One final point which it would be intriguing to know is, who is paying the legal fees for all the lawyers, the barristers, the court fees and the appeals of these JP Morgan traders? These cases have now been going on for more than three and a half years, and as everyone knows, US lawyers are not cheap.
In a civil case, lawyers may agree to work on the basis that they will win a percentage of the civil damages awarded for one side or the other, but in criminal cases such as here, that is not the case.
If friends and family are paying for the legal costs of these traders, they need to divulge this. If the ex-employer (JP Morgan) paying, there could be ethical issues and they have to divulge this.
Indemnity insurance could not be covering this, as indemnity insurance for trading desks is designed for errors and omissions and not to cover deliberate criminal conduct, especially conduct that was going on for years during which time insurance would need to be renewed, and a desk head signing a renewal of an insurance policy when aware of criminality (as they were in these cases) would make the insurance coverage null and void.
If the traders under conviction are paying for their own legal fees, you could argue that they are using money to fund the legal fees that was illegally acquired given that their compensation was linked to performance which was generated by illegally manipulating prices (ill gotten gains).
And if its taxpayers money is funding the legal defense, then it’s a scandal that US taxpayers are paying to defend these JP Morgan traders, and even more so if taxpayers money is financing their appeals.
That could be an assignment for Bloomberg or Reuters, to conduct an investigation into who is financing all of these appeals and the legion of defense lawyers involved in the cases so far.
Precedent for Rejection of Appeals
For those wondering about the chances of Nowak, Smith and Jordan having their convictions over-turned, it might be good to look at recent precedent in this area.
In September 2020, two former Deutsche Bank precious metals traders, James Vorley and Cedric Chanu, were convicted by a US federal jury of spoofing and “fraudulent and manipulative trading practices involving publicly-traded precious metals futures contracts.” Vorley, as some may remember, had also while working for Deutsche Bank been a director of the London Gold Fixing Market Limited company and the London Silver Market Fixing Limited company.
In June 2021, Vorley was sentenced to 12 months and a day in prison, and Chanu was sentenced to 12 months and a day in prison. After taking an appeal of their convictions to the 7th U.S. Circuit Court of Appeals in Chicago in July 2022, which got rejected, Vorley and Chanu then took their appeal to the US Supreme Court in October 2022.
However, in January 2023, the US Supreme Court denied the appeals of Vorley and Chanu. According to Bloomberg, the Supreme Court literally ‘refused to review the convictions‘.
In August 2021, a federal jury convicted two former Bank of America Merrill Lynch precious metals traders, Edward Bases and John Pacillo, of price manipulation (specifically Bases guilty of “conspiracy to commit wire fraud affecting a financial institution and wire fraud affecting a financial institution” and Pacillo guilty of the same charges, in addition to commodities fraud).

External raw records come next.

(* Let $\theta\in[\frac{\pi}{2},\frac{2\pi}{3}]$ and $z=e^{i\theta}$, and let $D=\{\tau\in\mathbb{H}:|\operatorname{Re}\tau|\le\frac12,\ \operatorname{Im}\tau>\frac25\}$. If $\tau\in D$ and $\tau=\gamma.z$ for some $\gamma\in\mathrm{PSL}_2(\mathbb{Z})$ (acting by Möbius transformations), then $\tau\in\{z,\,-1/z,\,\frac{-1}{z+1},\,\frac{z}{z+1},\,\frac{-1}{z-1},\,\frac{-z}{z-1}\}$.
   Context: $\mathbb{H}$ is the upper half plane; $\begin{pmatrix}a&b\\c&d\end{pmatrix}\in\mathrm{PSL}_2(\mathbb{Z})$ acts by $\tau\mapsto\frac{a\tau+b}{c\tau+d}$. *)

From Stdlib Require Import Reals ZArith.
From Coquelicot Require Import Coquelicot.
Open Scope R_scope.

Definition in_H (t : C) : Prop := 0 < Im t.

Definition in_D (t : C) : Prop :=
  in_H t /\ Rabs (Re t) <= 1/2 /\ 2/5 < Im t.

(* Elements of PSL_2(Z) are represented by integer matrices (a b; c d) with
   a d - b c = 1 (i.e. elements of SL_2(Z)); +-gamma act identically. *)
Definition in_SL2Z (a b c d : Z) : Prop := (a * d - b * c = 1)%Z.

Definition mobius (a b c d : Z) (t : C) : C :=
  Cdiv (Cplus (Cmult (RtoC (IZR a)) t) (RtoC (IZR b)))
       (Cplus (Cmult (RtoC (IZR c)) t) (RtoC (IZR d))).

Definition expi (th : R) : C := (cos th, sin th).

(* Write z = x + iy with x in [-1/2, 0] and |z| = 1.  For (a b; c d) in
   SL_2(Z), Im (gamma z) = y / |cz + d|^2 and |cz + d|^2 = c^2 + 2cdx + d^2 is
   at least c^2 + d^2 - |cd|, so Im (gamma z) > 2/5 forces |c|, |d| <= 1; up to
   the sign of gamma the bottom row is (0, 1), (1, 0) or (1, +-1), and gamma z
   is z + b, a - 1/z or a - 1/(z +- 1).  Since 1/z is the conjugate of z and
   1/(z +- 1) has real part +-1/2, the condition |Re (gamma z)| <= 1/2 leaves
   two values of the remaining integer in each case.  Two of them are only
   possible when x = -1/2, where z + 1 = -1/z and -1 - 1/z = z. *)

From Stdlib Require Import Reals ZArith Lra Lia.
From Coquelicot Require Import Coquelicot.
Open Scope R_scope.

Definition six_points (z tau : C) : Prop :=
  tau = z \/
  tau = Cdiv (RtoC (-1)) z \/
  tau = Cdiv (RtoC (-1)) (Cplus z (RtoC 1)) \/
  tau = Cdiv z (Cplus z (RtoC 1)) \/
  tau = Cdiv (RtoC (-1)) (Cminus z (RtoC 1)) \/
  tau = Cdiv (Copp z) (Cminus z (RtoC 1)).

Lemma re_inv (w : C) : Re (/ w)%C = Re w / (Re w ^ 2 + Im w ^ 2).
Proof. destruct w as [u v]. reflexivity. Qed.

Lemma im_div (p q : C) :
  Im (p / q)%C = (Im p * Re q - Re p * Im q) / (Re q ^ 2 + Im q ^ 2).
Proof. destruct p as [p1 p2], q as [q1 q2]. simpl. unfold Rdiv. ring. Qed.

Lemma neq_0_of_im_pos (w : C) : 0 < Im w -> w <> 0.
Proof. intros Hw E. rewrite E in Hw. simpl in Hw. lra. Qed.

Lemma Cdiv_opp_opp (p q : C) : (- p / - q)%C = (p / q)%C.
Proof.
  destruct p as [p1 p2], q as [q1 q2]. unfold Cdiv, Cinv, Cmult, Copp. simpl.
  replace (- q1 * (- q1 * 1) + - q2 * (- q2 * 1))
    with (q1 * (q1 * 1) + q2 * (q2 * 1)) by ring.
  f_equal; unfold Rdiv; ring.
Qed.

Lemma mobius_opp (a b c d : Z) (t : C) :
  mobius (- a) (- b) (- c) (- d) t = mobius a b c d t.
Proof.
  unfold mobius. rewrite !opp_IZR, !RtoC_opp, <- Cdiv_opp_opp.
  f_equal; ring.
Qed.

Lemma in_SL2Z_opp (a b c d : Z) :
  in_SL2Z a b c d -> in_SL2Z (- a) (- b) (- c) (- d).
Proof. unfold in_SL2Z. lia. Qed.

Lemma mobius_translation (a b : Z) (t : C) :
  in_SL2Z a b 0 1 -> mobius a b 0 1 t = (t + IZR b)%C.
Proof.
  unfold in_SL2Z, mobius. intros Hdet.
  replace a with 1%Z by lia. simpl. field.
Qed.

Lemma mobius_bottom_row_1 (a b d : Z) (t : C) :
  in_SL2Z a b 1 d -> (t + IZR d)%C <> 0 -> mobius a b 1 d t = (IZR a - / (t + IZR d))%C.
Proof.
  unfold in_SL2Z, mobius. intros Hdet Hnz.
  replace b with (a * d - 1)%Z by lia.
  rewrite minus_IZR, mult_IZR, RtoC_minus, RtoC_mult. simpl. field. exact Hnz.
Qed.

Lemma im_mobius (a b c d : Z) (x y : R) :
  in_SL2Z a b c d ->
  Im (mobius a b c d (x, y)) = y / ((IZR c * x + IZR d) ^ 2 + (IZR c * y) ^ 2).
Proof.
  unfold in_SL2Z, mobius. intros Hdet.
  assert (Hdet' : IZR a * IZR d - IZR b * IZR c = 1).
  { rewrite <- !mult_IZR, <- minus_IZR, Hdet. reflexivity. }
  rewrite im_div. simpl Re. simpl Im.
  unfold Rdiv. f_equal.
  - transitivity ((IZR a * IZR d - IZR b * IZR c) * y); [ring | rewrite Hdet'; ring].
  - f_equal. ring.
Qed.

Lemma quadratic_form_small (c d : Z) :
  (c * c + d * d - Z.abs (c * d) <= 2)%Z -> (Z.abs c <= 1 /\ Z.abs d <= 1)%Z.
Proof.
  rewrite Z.abs_mul, <- (Z.abs_square c), <- (Z.abs_square d).
  pose proof (Z.abs_nonneg c). pose proof (Z.abs_nonneg d).
  nia.
Qed.

Lemma mobius_normalize_bottom_row (a b c d : Z) :
  in_SL2Z a b c d -> (Z.abs c <= 1)%Z -> (Z.abs d <= 1)%Z ->
  exists a' b' c' d', in_SL2Z a' b' c' d' /\
    (forall t, mobius a' b' c' d' t = mobius a b c d t) /\
    ((c' = 0 /\ d' = 1) \/ (c' = 1 /\ -1 <= d' <= 1))%Z.
Proof.
  intros Hdet Hc Hd.
  assert (Hd0 : c = 0%Z -> d <> 0%Z)
    by (intros -> ->; unfold in_SL2Z in Hdet; lia).
  assert (Hcases : ((c = 0 /\ d = 1) \/ (c = 1 /\ -1 <= d <= 1))%Z \/
                   ((- c = 0 /\ - d = 1) \/ (- c = 1 /\ -1 <= - d <= 1))%Z)
    by lia.
  destruct Hcases as [Hnormal | Hnormal].
  - exists a, b, c, d. auto.
  - exists (- a)%Z, (- b)%Z, (- c)%Z, (- d)%Z.
    split; [now apply in_SL2Z_opp | split; [intro; apply mobius_opp | exact Hnormal]].
Qed.

Lemma Z_eq_or_succ (m a : Z) : IZR m - 1 < IZR a < IZR m + 2 -> (a = m \/ a = m + 1)%Z.
Proof.
  intros [Hlo Hhi].
  assert (m - 1 < a)%Z by (apply lt_IZR; rewrite minus_IZR; exact Hlo).
  assert (a < m + 2)%Z by (apply lt_IZR; rewrite plus_IZR; exact Hhi).
  lia.
Qed.

Lemma re_minus (p q : C) : Re (p - q)%C = Re p - Re q.
Proof. unfold Cminus. rewrite re_plus, re_opp. reflexivity. Qed.

Section UnitArc.

Variables x y : R.
Hypothesis unit_circle : x ^ 2 + y ^ 2 = 1.
Hypothesis x_range : -1/2 <= x <= 0.
Hypothesis y_pos : 0 < y.

Local Notation z := ((x, y) : C).

Lemma Cinv_unit_circle : (/ z)%C = (x, - y).
Proof.
  unfold Cinv. simpl. replace (x * (x * 1) + y * (y * 1)) with 1
    by (rewrite <- unit_circle at 1; ring).
  f_equal; field.
Qed.

Lemma re_inv_shift_unit_circle (d : R) : d ^ 2 = 1 -> Re (/ (z + d))%C = / (2 * d).
Proof.
  intros Hd. rewrite re_inv. simpl.
  assert (Hxd : x + d <> 0) by nra.
  assert (Hden : (x + d) * ((x + d) * 1) + (y + 0) * ((y + 0) * 1) = 2 * d * (x + d)).
  { transitivity (x ^ 2 + y ^ 2 + 2 * d * x + d ^ 2); [ring |].
    rewrite unit_circle, <- Hd at 1. ring. }
  rewrite Hden. field. split; [nra | exact Hxd].
Qed.

Lemma norm_shift_lower_bound (c d : Z) :
  IZR (c * c + d * d - Z.abs (c * d)) <= (IZR c * x + IZR d) ^ 2 + (IZR c * y) ^ 2.
Proof.
  replace ((IZR c * x + IZR d) ^ 2 + (IZR c * y) ^ 2)
    with (IZR c * IZR c + 2 * (IZR c * IZR d) * x + IZR d * IZR d)
    by (transitivity (IZR c ^ 2 * (x ^ 2 + y ^ 2) + 2 * IZR c * IZR d * x + IZR d ^ 2);
        [rewrite unit_circle | ]; ring).
  rewrite minus_IZR, plus_IZR, !mult_IZR.
  destruct (Z_le_gt_dec 0 (c * d)) as [Hcd | Hcd].
  - rewrite Z.abs_eq, mult_IZR by exact Hcd.
    assert (0 <= IZR c * IZR d) by (rewrite <- mult_IZR; now apply IZR_le). nra.
  - rewrite Z.abs_neq, opp_IZR, mult_IZR by lia.
    assert (IZR c * IZR d <= 0) by (rewrite <- mult_IZR; apply IZR_le; lia). nra.
Qed.

Lemma bottom_row_bounded (a b c d : Z) :
  in_SL2Z a b c d -> in_D (mobius a b c d z) -> (Z.abs c <= 1 /\ Z.abs d <= 1)%Z.
Proof.
  intros Hdet [_ [_ HIm]].
  rewrite (im_mobius _ _ _ _ _ _ Hdet) in HIm.
  pose proof (norm_shift_lower_bound c d) as Hlow.
  set (N := (IZR c * x + IZR d) ^ 2 + (IZR c * y) ^ 2) in *.
  assert (HN : 0 < N).
  { destruct (Req_dec N 0) as [E | E].
    - rewrite E, Rdiv_0_r in HIm. lra.
    - assert (0 <= N) by (apply Rplus_le_le_0_compat; apply pow2_ge_0). lra. }
  assert (HN5 : N < 5 / 2).
  { assert (Hy : y / N * N = y) by (field; lra).
    assert (y <= 1) by nra. nra. }
  apply quadratic_form_small, Zlt_succ_le, lt_IZR. simpl. lra.
Qed.

Lemma translation_case (a b : Z) :
  in_SL2Z a b 0 1 -> in_D (mobius a b 0 1 z) -> six_points z (mobius a b 0 1 z).
Proof.
  intros Hdet [_ [Hre _]].
  rewrite (mobius_translation _ _ _ Hdet) in *.
  rewrite re_plus, re_RtoC, Rabs_le_between in Hre. simpl in Hre.
  destruct (Z_eq_or_succ 0 b) as [-> | ->]; [simpl; lra | |]; simpl IZR in *.
  - left. apply Cplus_0_r.
  - right; left. unfold Cdiv. rewrite Cinv_unit_circle.
    apply injective_projections; simpl; lra.
Qed.

Lemma inversion_case (a b : Z) :
  in_SL2Z a b 1 0 -> in_D (mobius a b 1 0 z) -> six_points z (mobius a b 1 0 z).
Proof.
  intros Hdet [_ [Hre _]].
  assert (Hnz : (z + IZR 0)%C <> 0) by (apply neq_0_of_im_pos; simpl; lra).
  rewrite (mobius_bottom_row_1 _ _ _ _ Hdet Hnz) in *.
  simpl IZR in *. rewrite Cplus_0_r, Cinv_unit_circle in *.
  rewrite re_minus, re_RtoC, Rabs_le_between in Hre. simpl in Hre.
  destruct (Z_eq_or_succ (-1) a) as [-> | ->]; [simpl; lra | |]; simpl IZR in *.
  - left. apply injective_projections; simpl; lra.
  - right; left. unfold Cdiv. rewrite Cinv_unit_circle.
    apply injective_projections; simpl; lra.
Qed.

Lemma shifted_inversion_case (a b d : Z) :
  in_SL2Z a b 1 d -> (d = 1 \/ d = -1)%Z -> in_D (mobius a b 1 d z) ->
  six_points z (mobius a b 1 d z).
Proof.
  intros Hdet Hd [_ [Hre _]].
  assert (Hd2 : IZR d ^ 2 = 1) by (destruct Hd as [-> | ->]; simpl; ring).
  assert (Hnz : (z + IZR d)%C <> 0) by (apply neq_0_of_im_pos; simpl; lra).
  rewrite (mobius_bottom_row_1 _ _ _ _ Hdet Hnz) in *.
  rewrite re_minus, re_RtoC, (re_inv_shift_unit_circle _ Hd2), Rabs_le_between in Hre.
  destruct Hd as [-> | ->]; simpl IZR in *.
  - destruct (Z_eq_or_succ 0 a) as [-> | ->]; [simpl; lra | |]; simpl IZR in *.
    + right; right; left. field; apply neq_0_of_im_pos; simpl; lra.
    + right; right; right; left. field; apply neq_0_of_im_pos; simpl; lra.
  - destruct (Z_eq_or_succ (-1) a) as [-> | ->]; [simpl; lra | |]; simpl IZR in *.
    + right; right; right; right; right. field; apply neq_0_of_im_pos; simpl; lra.
    + right; right; right; right; left. field; apply neq_0_of_im_pos; simpl; lra.
Qed.

End UnitArc.

Lemma expi_on_arc (theta : R) :
  PI / 2 <= theta <= 2 * PI / 3 ->
  cos theta ^ 2 + sin theta ^ 2 = 1 /\ -1/2 <= cos theta <= 0 /\ 0 < sin theta.
Proof.
  intros Hth. pose proof PI_RGT_0.
  assert (Hcos_2PI3 : cos (2 * PI / 3) = -1/2).
  { replace (2 * PI / 3) with (2 * (PI / 3)) by field. apply cos_2PI3. }
  split; [| split; [split |]].
  - pose proof (sin2_cos2 theta) as E. unfold Rsqr in E. lra.
  - destruct (Req_dec theta (2 * PI / 3)) as [-> | Hne]; [lra |].
    rewrite <- Hcos_2PI3. left. apply cos_decreasing_1; lra.
  - apply cos_le_0; lra.
  - apply sin_gt_0; lra.
Qed.

Theorem lemma3p8 (theta : R) (tau : C) :
  PI / 2 <= theta <= 2 * PI / 3 ->
  in_D tau ->
  (exists a b c d : Z, in_SL2Z a b c d /\ tau = mobius a b c d (expi theta)) ->
  let z := expi theta in
  tau = z \/
  tau = Cdiv (RtoC (-1)) z \/
  tau = Cdiv (RtoC (-1)) (Cplus z (RtoC 1)) \/
  tau = Cdiv z (Cplus z (RtoC 1)) \/
  tau = Cdiv (RtoC (-1)) (Cminus z (RtoC 1)) \/
  tau = Cdiv (Copp z) (Cminus z (RtoC 1)).
Proof.
  intros Hth HD [a [b [c [d [Hdet ->]]]]].
  change (six_points (cos theta, sin theta) (mobius a b c d (cos theta, sin theta))).
  unfold expi in HD.
  destruct (expi_on_arc theta Hth) as (Hunit & Hx & Hy).
  destruct (bottom_row_bounded _ _ Hunit Hx Hy a b c d Hdet HD) as [Hc Hd].
  destruct (mobius_normalize_bottom_row a b c d Hdet Hc Hd)
    as (a' & b' & c' & d' & Hdet' & Hsame & Hbottom).
  rewrite <- Hsame in *.
  destruct Hbottom as [[-> ->] | [-> Hd']].
  - apply translation_case; assumption.
  - assert (d' = 0 \/ d' = 1 \/ d' = -1)%Z as [-> | Hd1] by lia.
    + apply inversion_case; assumption.
    + apply shifted_inversion_case; assumption.
Qed.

In August 2022, Bases and Pacillo lost an appeal to overturn their convictions. In March 2023, both Bases and Pacillo were sentenced to 12 months and 1 day on each of the counts to be served concurrently.
While we will have to await the outcomes of the appeals of Nowak, Smith and Jordan, its appropriate to ask, have these ex JP Morgan traders no shame?
Back in 2020 when the Department of Justice forced JP Morgan to sign a Deferred Prosecution Agreement, the Assistant Director in Charge of the FBI’s New York Field Office said that:
“For nearly a decade, a significant number of JP Morgan traders and sales personnel openly disregarded U.S. laws that serve to protect against illegal activity in the marketplace.”
With these plans to appeal their convictions, it is now clear that these same JP Morgan traders have learned nothing and that they still have disregard for US laws. But not just disregard. It is more than that. It is pure contempt.